Print version ISSN 0365-0596On-line version ISSN 1806-4841

An. Bras. Dermatol. vol.92 no.5 Rio de Janeiro Sept./Oct. 2017

http://dx.doi.org/10.1590/abd1806-4841.20176049 

Communication

The pH of the main Brazilian commercial moisturizers and liquid soaps: considerations on the repair of the skin barrier*

Giovana M Gonçalves1 

Gabrielli Brianezi2 

Hélio Amante Miot1 

1Department of Dermatology of Medical School of Botucatu - Universidade Estadual Paulista "Júlio de Mesquita Filho" (FMB-UNESP) - Botucatu (SP), Brazil.

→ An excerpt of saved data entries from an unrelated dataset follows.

Lemma cap_achieving_marg P : cap_achieving Wp P ->
  cap_achieving W (marg1 P) /\ cap_achieving W' (marg2 P).
Proof.
move=> [hP IP]; have := mutinf_prod_le hP; rewrite IP capacity_prod.
have := mutinf_le_capacity x0 hW (marg1_dist hP).
have := mutinf_le_capacity x0' hW' (marg2_dist hP).
by move=> le1 le2 le12; split; (split; [exact: marg1_dist || exact: marg2_dist | lra]).
Qed.

Lemma cap_achieving_prodd P1 P2 : cap_achieving W P1 -> cap_achieving W' P2 ->
  cap_achieving Wp (prodd P1 P2).
Proof.
move=> [h1 I1] [h2 I2]; split; first exact: prodd_dist.
by rewrite mutinf_prodd // I1 I2 capacity_prod.
Qed.

(* For a capacity-achieving P, the output of P is the product of the outputs
   of its marginals, so the dispersion splits as the sum of the marginal
   dispersions. *)
Lemma dispersion_prod P : cap_achieving Wp P ->
  dispersion P Wp = dispersion (marg1 P) W + dispersion (marg2 P) W'.
Proof.
move=> hPa; have [hP _] := hPa; have [[h1 _] [h2 _]] := cap_achieving_marg hPa.
have outd_split : outd P Wp = prodd (outd (marg1 P) W) (outd (marg2 P) W').
  rewrite -outd_prodd; apply: (cap_achieving_outd (x0, x0') prod_channel_ok hPa).
  exact: cap_achieving_prodd (cap_achieving_marg hPa).1 (cap_achieving_marg hPa).2.
rewrite /dispersion -/(lvar _ _) outd_split -rsum_marg; apply: rsum_ext => -[x x'] /=.
case: (hP.1 (x, x')) => [Px_gt0|<-]; last by rewrite !Rmult_0_l.
congr (_ * _); apply: lvar_prodd (hW x) (hW' x') _ _ => [y|y'].
  exact: (outd_pos hW (proj1 h1) (marg1_pos (proj1 hP) Px_gt0)).
exact: (outd_pos hW' (proj1 h2) (marg2_pos (proj1 hP) Px_gt0)).
Qed.

Lemma disp_values_prod v : disp_values Wp v <->
  exists v1 v2, disp_values W v1 /\ disp_values W' v2 /\ v = v1 + v2.
Proof.
split => [[P [hPa ->]]|[v1 [v2 [[P1 [h1 ->]] [[P2 [h2 ->]] ->]]]]].
  have [h1 h2] := cap_achieving_marg hPa.
  by exists (dispersion (marg1 P) W), (dispersion (marg2 P) W'); rewrite dispersion_prod //;
    split; [exists (marg1 P) | split; [exists (marg2 P)|]].
exists (prodd P1 P2); have hPa := cap_achieving_prodd h1 h2; split => //.
by rewrite dispersion_prod // marg1_prodd ?marg2_prodd //; [exact: h1.1 | exact: h2.1].
Qed.

End ProductChannel.

Section SumSet.
Variables (S S1 S2 : R -> Prop).
Hypothesis S_sum : forall v, S v <-> exists v1 v2, S1 v1 /\ S2 v2 /\ v = v1 + v2.

Lemma is_max_sum m1 m2 : is_max S1 m1 -> is_max S2 m2 -> is_max S (m1 + m2).
Proof.
move=> [S1m1 max1] [S2m2 max2]; split; first by apply/S_sum; exists m1, m2.
by move=> v /S_sum [v1 [v2 [S1v1 [S2v2 ->]]]]; have := max1 _ S1v1; have := max2 _ S2v2; lra.
Qed.

Lemma is_min_sum m1 m2 : is_min S1 m1 -> is_min S2 m2 -> is_min S (m1 + m2).
Proof.
move=> [S1m1 min1] [S2m2 min2]; split; first by apply/S_sum; exists m1, m2.
by move=> v /S_sum [v1 [v2 [S1v1 [S2v2 ->]]]]; have := min1 _ S1v1; have := min2 _ S2v2; lra.
Qed.

End SumSet.

Unset Implicit Arguments.

Theorem lemma3 (X Y X' Y' : finType) (x0 : X) (x0' : X')
  (W : X -> Y -> R) (W' : X' -> Y' -> R) :
  is_channel W -> is_channel W' ->
  Vplus (prod_channel W W') = Vplus W + Vplus W' /\
  Vminus (prod_channel W W') = Vminus W + Vminus W'.
Proof.
move=> hW hW'; have disp_sum := disp_values_prod x0 x0' hW hW'.
split.
  apply: (eps_max (S := disp_values (prod_channel W W'))).
  exact (is_max_sum disp_sum (Vplus_is_max x0 hW) (Vplus_is_max x0' hW')).
apply: (eps_min (S := disp_values (prod_channel W W'))).
exact (is_min_sum disp_sum (Vminus_is_min x0 hW) (Vminus_is_min x0' hW')).
Qed.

2TOXICAM - Center for Assessment of Environmental Impact on Human Health - Medical School of Botucatu - Universidade Estadual Paulista "Júlio de Mesquita Filho" (FMB-UNESP) - Botucatu (SP), Brazil.

Abstract:

The pH of the skin is slightly acidic (4.6 to 5.8) which is important for appropriate antibacterial, antifungal, constitution of barrier function, as well as structuring and maturation of the stratum corneum. This study aimed to evaluate the pH of the main commercial moisturizers and liquid soaps in Brazil. Thus, pH of the products was quantified by pH meter in three measurements. A total of 38 moisturizers and six commercial liquid soaps were evaluated. Mean pH of 63% and 50% of the moisturizing and liquid soaps presented results above 5.5, disfavoring repair, function, and synthesis of dermal barrier.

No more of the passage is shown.